最初カイがオリス様と最近たまに一緒にいることがあるって聞いて、オリス様は平民でも親切に助けてくれるらしいから、またカイのやつが何か巻き込まれたのかと思った。実際はジングフォーゲルがテレル様と同じクラスなのがきっかけだと思ってカイは言っていたが。
「まあボクもオリス様の方が怖くない」
貴族だから関わらない方が心臓に良いのは確かだが、オリス様はよく平民のいるところに出没するし、態度や行動もガチガチの貴族では無いから怖くない。反対にテレル様の方はいかにも貴族という感じで関わらずに済むなら関わりたくないし、向こうもそれでいいだろう。話す機会があっても双方無言になる未来しか見えない。
「ふーん、俺は弟の方のレトガー様の方が法則性があるからマシかな。どちらにしても貴族と平民は絡まずにいるのが楽だよ」
ダックスの弟の方のレトガー様、つまりテレル様の方がマシという意見はあんまよくわからないが、それ以外の意見は頷ける。

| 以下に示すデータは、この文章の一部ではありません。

Lemma bH_sum_1_min_at_real_crossing t : bH_sum 1 z1 z2 t0 <= bH_sum 1 z1 z2 t.
Proof.
  pose proof alphaH_bounds. pose proof Cmod_sub_conj_pos.
  pose proof (Cmod_sub_RtoC_pos z1 t Hz1). pose proof (Cmod_RtoC_sub_pos z2 t Hz2).
  unfold bH_sum. rewrite Cmod_sub_real_crossing_l, Cmod_sub_real_crossing_r.
  rewrite !Rpower_1 by nra. pose proof (Cmod_sub_conj_le z1 z2 t). lra.
Qed.

Lemma bH_sum_min_at_real_crossing_of_Re_eq p t : 0 < p -> Re z1 = Re z2 ->
  bH_sum p z1 z2 t0 <= bH_sum p z1 z2 t.
Proof.
  intros Hp Hre. unfold bH_sum. rewrite !Cmod_RtoC_sub.
  assert (Ht0 : t0 = Re z1) by (unfold real_crossing; rewrite Hre; ring).
  apply Rplus_le_compat; apply Rle_Rpower_l; try lra; split;
    try (now apply Cmod_sub_RtoC_pos); rewrite Ht0; [| rewrite Hre];
    apply Cmod_sub_RtoC_Re_le.
Qed.

Lemma bH_sum_min_at_real_crossing_of_Im_eq p t : 1 <= p -> Im z1 = Im z2 ->
  bH_sum p z1 z2 t0 <= bH_sum p z1 z2 t.
Proof.
  intros Hp Him. apply alphaH_eq_compl_iff in Him.
  pose proof alphaH_bounds. pose proof Cmod_sub_conj_pos.
  pose proof (Cmod_sub_conj_le z1 z2 t).
  unfold bH_sum. rewrite Cmod_sub_real_crossing_l, Cmod_sub_real_crossing_r, <- Him.
  set (u := Cmod (Cminus z1 (RtoC t))) in *. set (v := Cmod (Cminus (RtoC t) z2)) in *.
  assert (Hu : 0 < u) by now apply Cmod_sub_RtoC_pos.
  assert (Hv : 0 < v) by now apply Cmod_RtoC_sub_pos.
  assert (Hhalf : Rpower (a * W) p <= Rpower ((u + v) / 2) p).
  { apply Rle_Rpower_l; [lra |]. replace a with (/ 2) by lra. lra. }
  pose proof (Rpower_midpoint_le u v p Hu Hv Hp). lra.
Qed.

Lemma bH_sum_not_min_at_real_crossing p : 1 < p -> Re z1 <> Re z2 -> Im z1 <> Im z2 ->
  ~ (forall t, bH_sum p z1 z2 t0 <= bH_sum p z1 z2 t).
Proof.
  intros Hp Hre Him Hmin. apply Him, alphaH_eq_compl_iff.
  pose proof alphaH_bounds. pose proof Cmod_sub_conj_pos.
  pose proof (is_derive_global_min_eq0 _ _ _ (is_derive_bH_sum p z1 z2 t0 Hz1 Hz2) Hmin)
    as Hder.
  rewrite <- (Cmod_RtoC_sub z2), Cmod_sub_real_crossing_l, Cmod_sub_real_crossing_r,
    <- !Rpower_mult_distr in Hder by lra.
  assert (Hfactor : p * (Re z2 - Re z1) * Rpower W (p - 2)
                    * (Rpower a (p - 1) - Rpower (1 - a) (p - 1)) = 0).
  { rewrite <- Hder. replace (p - 1) with (p - 2 + 1) by ring.
    rewrite !Rpower_plus_1 by lra. unfold real_crossing. ring. }
  assert (Hnz : p * (Re z2 - Re z1) * Rpower W (p - 2) <> 0).
  { pose proof (Rpower_pos W (p - 2)).
    repeat apply Rmult_integral_contrapositive_currified; lra. }
  apply Rpower_inj_l with (p - 1); try lra.
  apply Rmult_integral in Hfactor as [Hzero | Hzero]; lra.
Qed.

End RealCrossing.

Theorem theorem3p21 (z1 z2 : C) (p : R) :
  inH z1 -> inH z2 -> 1 <= p ->
  Rbar_le (Finite (T_p p z1 z2)) (b_H p z1 z2) /\
  T_p p z1 z2 >= Cmod (Cminus z1 z2) / Cmod (Cminus z1 (Cconj z2)) /\
  s_H z1 z2 = Finite (Cmod (Cminus z1 z2) / Cmod (Cminus z1 (Cconj z2))) /\
  (b_H 1 z1 z2 = Finite (T_p 1 z1 z2) /\
   Finite (T_p 1 z1 z2) = s_H z1 z2) /\
  (1 < p ->
   (b_H p z1 z2 = Finite (T_p p z1 z2) <-> (Re z1 = Re z2 \/ Im z1 = Im z2))).
Proof.
  intros Hz1 Hz2 Hp.
  assert (Hb1 : b_H 1 z1 z2 = Finite (T_p 1 z1 z2)).
  { rewrite T_p_eq_bH_ratio_real_crossing by (auto; lra).
    apply b_H_eq_of_bH_sum_min; [lra |]. now apply bH_sum_1_min_at_real_crossing. }
  assert (Hs : s_H z1 z2 = Finite (Cmod (Cminus z1 z2) / Cmod (Cminus z1 (Cconj z2))))
    by (unfold s_H; rewrite Hb1, T_p_1 by assumption; reflexivity).
  split; [| split; [| split; [| split]]].
  - rewrite T_p_eq_bH_ratio_real_crossing by (auto; lra). apply bH_ratio_le_b_H.
  - now apply Rle_ge, T_p_ge.
  - exact Hs.
  - now rewrite Hs, <- Hb1.
  - intros Hp1. rewrite T_p_eq_bH_ratio_real_crossing by (auto; lra). split.
    + intros Hb.
      destruct (Req_dec (Re z1) (Re z2)) as [Hre | Hre]; [now left |].
      destruct (Req_dec (Im z1) (Im z2)) as [Him | Him]; [now right |].
      exfalso. apply (bH_sum_not_min_at_real_crossing z1 z2 Hz1 Hz2 p Hp1 Hre Him).
      apply bH_sum_min_of_b_H_eq; [lra | | exact Hb].
      pose proof (re_le_Cmod (Cminus z1 z2)) as Hre_le.
      change (Rabs (Re z1 - Re z2) <= Cmod (Cminus z1 z2)) in Hre_le.
      pose proof (Rabs_pos_lt _ (Rminus_eq_contra _ _ Hre)). lra.
    + intros [Hre | Him]; apply b_H_eq_of_bH_sum_min; try lra; intros t.
      * now apply bH_sum_min_at_real_crossing_of_Re_eq; try lra.
      * now apply bH_sum_min_at_real_crossing_of_Im_eq.
Qed.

結局は、今同じ軍学校に通っていようが貴族と平民ではいる世界が違う。向こうが線を越えるのは自由だが、こちら側は線の内側に留まっているのがいい。
貴族と平民なんて本来は一生混ざらないんだ。
この学校にいる間だけが特殊なだけ、軍に入ったら貴族の上層部の命令を平民の連中が聞くだけの一方通行の関係だ。軍に入らなくても、貴族の統治下で平民は生きるだけだ。
混ざらないように、線を引いて、別の世界で生きて、たまに上からするべきことが降ってくる、それだけの関係だ。
だからこの学校にいる間に変な感覚を持ちたくないという奴はボクやダックスを含めて多数いる。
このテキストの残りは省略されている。